(* For any nonempty configuration and any integer shift $G$, the inter-level sampler (Algorithm 1) terminates with probability $1$ and returns level $\ell$ with probability exactly $W_\ell/\sum_j W_j$.
   Context: Fix an integer $b\ge 2$. There is a set $\mathcal L$ of $N$ levels, which are consecutive integers. Each level $\ell$ holds a finite (possibly empty) multiset of normalized significands, each an integer in $[2^{b-1},2^b)$. Let $z$ be the total number of stored significands over all levels; assume $z<2^b$. For each level, $SS_\ell$ is the sum of its significands (so $SS_\ell=0$ iff the level is empty); set $SS_\ell=0$ for integers $\ell\notin\mathcal L$. The level weight is $W_\ell=SS_\ell2^\ell$. For an integer global shift $G$, $A_\ell(G)=\lfloor W_\ell2^G\rfloor+1$ if $SS_\ell>0$ and $A_\ell(G)=0$ if $SS_\ell=0$; $A(G)=\sum_\ell A_\ell(G)$ and $M(G)=\sum_\ell W_\ell2^G$. The configuration is nonempty if $z\ge1$. Inter-level sampler (Algorithm 1), with shift $G$ and $A=A(G)$: it performs independent outer iterations. In an outer iteration, draw $x$ uniformly from $\{1,\dots,A\}$ and scan the levels in decreasing order starting from the largest nonempty level. At the current level $\ell$: if $x<A_\ell(G)$, return $\ell$; if $x=A_\ell(G)$, run the refinement loop for $m=1,2,\dots$: draw $r$ uniformly from $\{0,\dots,2^b-1\}$ independently, let $t=\lfloor SS_\ell 2^{\ell+G+mb}\rfloor \bmod 2^b$; if $r<t$ return $\ell$; else if $r>t$ or $\ell+G+mb\ge 0$, abandon this outer iteration and start a new one; otherwise continue with $m+1$. If $x>A_\ell(G)$, set $x\leftarrow x-A_\ell(G)$ and move to the next lower level. *)

From Stdlib Require Import ZArith Reals List Bool.
Import ListNotations.
Open Scope Z_scope.

(* A configuration: the levels are the consecutive integers
   lo, lo+1, ..., lo+N-1 with N = length lv; level (lo+i) holds the
   multiset (list) of significands  nth i lv. *)
Record config := mkConfig { lo : Z ; lv : list (list Z) }.

Definition Nlev (c : config) : nat := length (lv c).

Definition in_levels (c : config) (l : Z) : bool :=
  (lo c <=? l) && (l <? lo c + Z.of_nat (Nlev c)).

Definition SS (c : config) (l : Z) : Z :=
  if in_levels c l then fold_right Z.add 0 (nth (Z.to_nat (l - lo c)) (lv c) nil)
  else 0.

Definition zcount (c : config) : nat := fold_right plus 0%nat (map (@length Z) (lv c)).

Definition normalized (b : nat) (c : config) : Prop :=
  Forall (Forall (fun s => 2 ^ (Z.of_nat b - 1) <= s < 2 ^ Z.of_nat b)) (lv c).

Definition floor_pow2 (s e : Z) : Z :=
  if 0 <=? e then s * 2 ^ e else s / 2 ^ (- e).

(* A_l(G) = floor(W_l 2^G) + 1 if SS_l > 0, else 0;  W_l 2^G = SS_l 2^(l+G) *)
Definition Al (G : Z) (c : config) (l : Z) : Z :=
  if 0 <? SS c l then floor_pow2 (SS c l) (l + G) + 1 else 0.

Definition Atot (G : Z) (c : config) : Z :=
  fold_right Z.add 0 (map (fun i => Al G c (lo c + Z.of_nat i)) (seq 0 (Nlev c))).

Definition top (c : config) : Z :=
  lo c + Z.of_nat (last (filter (fun i => 0 <? SS c (lo c + Z.of_nat i)) (seq 0 (Nlev c))) 0%nat).

Definition W (c : config) (l : Z) : R := (IZR (SS c l) * powerRZ 2 l)%R.

Definition sumW (c : config) : R :=
  fold_right Rplus 0%R (map (fun i => W c (lo c + Z.of_nat i)) (seq 0 (Nlev c))).

Inductive state :=
  | Outer
  | Scan (x l : Z)
  | Refine (l m : Z)
  | Done (l : Z).

(* one step: the list of successor states, chosen uniformly at random
   (a singleton list is a deterministic step) *)
Definition step (b : nat) (G : Z) (c : config) (s : state) : list state :=
  match s with
  | Outer =>
      map (fun k => Scan (Z.of_nat k + 1) (top c)) (seq 0 (Z.to_nat (Atot G c)))
  | Scan x l =>
      if l <? lo c then [Outer]  (* ran below the lowest level: unreachable *)
      else let a := Al G c l in
           if x <? a then [Done l]
           else if x =? a then [Refine l 1]
           else [Scan (x - a) (l - 1)]
  | Refine l m =>
      let e := l + G + m * Z.of_nat b in
      let t := floor_pow2 (SS c l) e mod 2 ^ Z.of_nat b in
      map (fun k => let r := Z.of_nat k in
                    if r <? t then Done l
                    else if (t <? r) || (0 <=? e) then Outer
                    else Refine l (m + 1))
          (seq 0 (Z.to_nat (2 ^ Z.of_nat b)))
  | Done l => [Done l]
  end.

Definition is_done (s : state) : bool :=
  match s with Done _ => true | _ => false end.

Definition done_at (l0 : Z) (s : state) : bool :=
  match s with Done l => Z.eqb l l0 | _ => false end.

Definition avg (f : state -> R) (xs : list state) : R :=
  match xs with
  | nil => 0%R
  | _ => (fold_right Rplus 0%R (map f xs) / INR (length xs))%R
  end.

(* probability that, started in state s, the algorithm has returned
   (reached a Done state) satisfying goal within n steps *)
Fixpoint reach (b : nat) (G : Z) (c : config) (goal : state -> bool)
    (n : nat) (s : state) : R :=
  if is_done s then (if goal s then 1%R else 0%R)
  else match n with
       | O => 0%R
       | S n' => avg (reach b G c goal n') (step b G c s)
       end.

From Stdlib Require Import ZArith Reals List Lra Lia.
Import ListNotations.
Open Scope R_scope.

(* During a scan, level l receives A_l of the draws: the A_l - 1 smaller ones return l at once,
   and for x = A_l the refinement loop compares the fractional part of W_l 2^G, b bits at a time,
   with fresh uniform bits, so it returns l with probability exactly that fractional part and
   restarts otherwise. Hence one outer iteration returns l with probability W_l 2^G / A and
   restarts with probability 1 - M/A, where M = sum_j W_j 2^G. If Q is the part of M carried by
   the levels counted as success, the success probability p solves p = Q/A + (1 - M/A) p, so
   p = Q/M; since an outer iteration is resolved within a bounded number of steps, the n-step
   probabilities converge to it geometrically. *)

Definition rsum {A} (f : A -> R) (l : list A) : R := fold_right Rplus 0 (map f l).

Lemma rsum_app {A} (f : A -> R) l1 l2 : rsum f (l1 ++ l2) = rsum f l1 + rsum f l2.
Proof. unfold rsum; induction l1; simpl; [lra | rewrite IHl1; lra]. Qed.

Lemma rsum_map {A B} (h : A -> B) f l : rsum f (map h l) = rsum (fun a => f (h a)) l.
Proof. unfold rsum; rewrite map_map; reflexivity. Qed.

Lemma rsum_ext {A} (f g : A -> R) l :
  (forall a, In a l -> f a = g a) -> rsum f l = rsum g l.
Proof. intros H; unfold rsum; rewrite (map_ext_in f g l H); reflexivity. Qed.

Lemma rsum_le {A} (f g : A -> R) l :
  (forall a, In a l -> f a <= g a) -> rsum f l <= rsum g l.
Proof.
  unfold rsum; induction l as [|a l IH]; simpl; intros H; [lra|].
  specialize (IH (fun x h => H x (or_intror h))); specialize (H a (or_introl eq_refl)); lra.
Qed.

Lemma rsum_const {A} (f : A -> R) l k :
  (forall a, In a l -> f a = k) -> rsum f l = INR (length l) * k.
Proof.
  unfold rsum; induction l as [|a l IH]; simpl; intros H; [lra|].
  rewrite IH, (H a (or_introl eq_refl)) by auto.
  destruct (length l); simpl; lra.
Qed.

Lemma rsum_nonneg {A} (f : A -> R) l : (forall a, In a l -> 0 <= f a) -> 0 <= rsum f l.
Proof.
  intros H; rewrite <- (Rmult_0_r (INR (length l))), <- (rsum_const (fun _ => 0) l 0) by auto.
  now apply rsum_le.
Qed.

Lemma rsum_plus {A} (f g : A -> R) l : rsum (fun a => f a + g a) l = rsum f l + rsum g l.
Proof. unfold rsum; induction l; simpl; [lra | rewrite IHl; lra]. Qed.

Lemma rsum_minus {A} (f g : A -> R) l : rsum (fun a => f a - g a) l = rsum f l - rsum g l.
Proof. unfold rsum; induction l; simpl; [lra | rewrite IHl; lra]. Qed.

Lemma rsum_mult_r {A} (f : A -> R) l k : rsum (fun a => f a * k) l = rsum f l * k.
Proof. unfold rsum; induction l; simpl; [lra | rewrite IHl; lra]. Qed.

Lemma rsum_ge_term {A} (f : A -> R) l a :
  In a l -> (forall x, In x l -> 0 <= f x) -> f a <= rsum f l.
Proof.
  unfold rsum; induction l as [|y l IH]; simpl; intros Hin H; [contradiction|].
  assert (Hl : 0 <= fold_right Rplus 0 (map f l)) by (apply (rsum_nonneg f l); auto).
  destruct Hin as [-> | Hin]; [specialize (H a (or_introl eq_refl)); lra|].
  specialize (IH Hin (fun x h => H x (or_intror h))); specialize (H y (or_introl eq_refl)); lra.
Qed.

Lemma rsum_single {A} (f : A -> R) l a :
  NoDup l -> In a l -> (forall x, In x l -> x <> a -> f x = 0) -> rsum f l = f a.
Proof.
  induction l as [|y l IH]; intros Hnd Hin H; [contradiction|].
  unfold rsum; simpl; fold (rsum f l).
  apply NoDup_cons_iff in Hnd as [Hy Hnd].
  destruct Hin as [-> | Hin].
  - rewrite (rsum_const f l 0); [rewrite Rmult_0_r; lra|].
    intros x Hx; apply H; [now right | intros ->; contradiction].
  - rewrite IH, (H y (or_introl eq_refl)); [lra | intros ->; contradiction | auto..].
    intros x Hx; apply H; now right.
Qed.

Lemma rsum_seq_trunc (f : nat -> R) k n :
  (k <= n)%nat -> (forall i, (k <= i)%nat -> f i = 0) -> rsum f (seq 0 n) = rsum f (seq 0 k).
Proof.
  intros Hkn H; replace n with (k + (n - k))%nat by lia.
  rewrite seq_app, rsum_app, (rsum_const f (seq (0 + k) (n - k)) 0); [lra|].
  intros i Hi; apply in_seq in Hi; apply H; lia.
Qed.

Lemma rsum_seq_three_blocks (F : nat -> R) n t g x v :
  (t < n)%nat -> (forall k, (k < t)%nat -> F k = g) -> F t = x ->
  (forall k, (t < k < n)%nat -> F k = v) ->
  rsum F (seq 0 n) = INR t * g + x + INR (n - 1 - t) * v.
Proof.
  intros Htn Hlo Ht Hhi; replace n with (t + S (n - 1 - t))%nat at 1 by lia.
  rewrite seq_app, rsum_app; simpl (seq (0 + t) _); unfold rsum at 2; simpl.
  fold (rsum F (seq (S t) (n - 1 - t))).
  rewrite (rsum_const F (seq 0 t) g), (rsum_const F (seq (S t) (n - 1 - t)) v), !length_seq, Ht;
    [lra | intros k Hk; apply in_seq in Hk; apply Hhi; lia
         | intros k Hk; apply in_seq in Hk; apply Hlo; lia].
Qed.

Lemma rsum_seq_shift (f : nat -> R) a n :
  rsum f (seq a n) = rsum (fun j => f (a + j)%nat) (seq 0 n).
Proof.
  revert a; induction n as [|n IH]; intros a; [reflexivity|].
  change (f a + rsum f (seq (S a) n) = f (a + 0)%nat + rsum (fun j => f (a + j)%nat) (seq 1 n)).
  rewrite IH, <- seq_shift, rsum_map, Nat.add_0_r.
  f_equal; apply rsum_ext; intros j _; f_equal; lia.
Qed.

Lemma IZR_fold_sum {A} (f : A -> Z) l :
  IZR (fold_right Z.add 0%Z (map f l)) = rsum (fun a => IZR (f a)) l.
Proof. unfold rsum; induction l; simpl; auto; rewrite plus_IZR, IHl; reflexivity. Qed.

Lemma avg_cons f x xs : avg f (x :: xs) = rsum f (x :: xs) / INR (length (x :: xs)).
Proof. reflexivity. Qed.

Lemma avg_le f g xs : (forall a, In a xs -> f a <= g a) -> avg f xs <= avg g xs.
Proof.
  intros H; destruct xs as [|x xs]; [simpl; lra|]; rewrite !avg_cons.
  apply Rmult_le_compat_r; [left; apply Rinv_0_lt_compat, lt_0_INR; simpl; lia|].
  now apply rsum_le.
Qed.

Lemma avg_nonneg f xs : (forall a, In a xs -> 0 <= f a) -> 0 <= avg f xs.
Proof.
  intros H; destruct xs as [|x xs]; [simpl; lra|]; rewrite avg_cons.
  apply Rmult_le_pos; [now apply rsum_nonneg | left; apply Rinv_0_lt_compat, lt_0_INR; simpl; lia].
Qed.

Aim of the exercise: For this exercise, repeat exactly the lines of the data above from the one with "(* probability that, started" down to the one with "the levels counted", both end lines included.

Response to this task:
(* probability that, started in state s, the algorithm has returned
   (reached a Done state) satisfying goal within n steps *)
Fixpoint reach (b : nat) (G : Z) (c : config) (goal : state -> bool)
    (n : nat) (s : state) : R :=
  if is_done s then (if goal s then 1%R else 0%R)
  else match n with
       | O => 0%R
       | S n' => avg (reach b G c goal n') (step b G c s)
       end.

From Stdlib Require Import ZArith Reals List Lra Lia.
Import ListNotations.
Open Scope R_scope.

(* During a scan, level l receives A_l of the draws: the A_l - 1 smaller ones return l at once,
   and for x = A_l the refinement loop compares the fractional part of W_l 2^G, b bits at a time,
   with fresh uniform bits, so it returns l with probability exactly that fractional part and
   restarts otherwise. Hence one outer iteration returns l with probability W_l 2^G / A and
   restarts with probability 1 - M/A, where M = sum_j W_j 2^G. If Q is the part of M carried by
   the levels counted as success, the success probability p solves p = Q/A + (1 - M/A) p, so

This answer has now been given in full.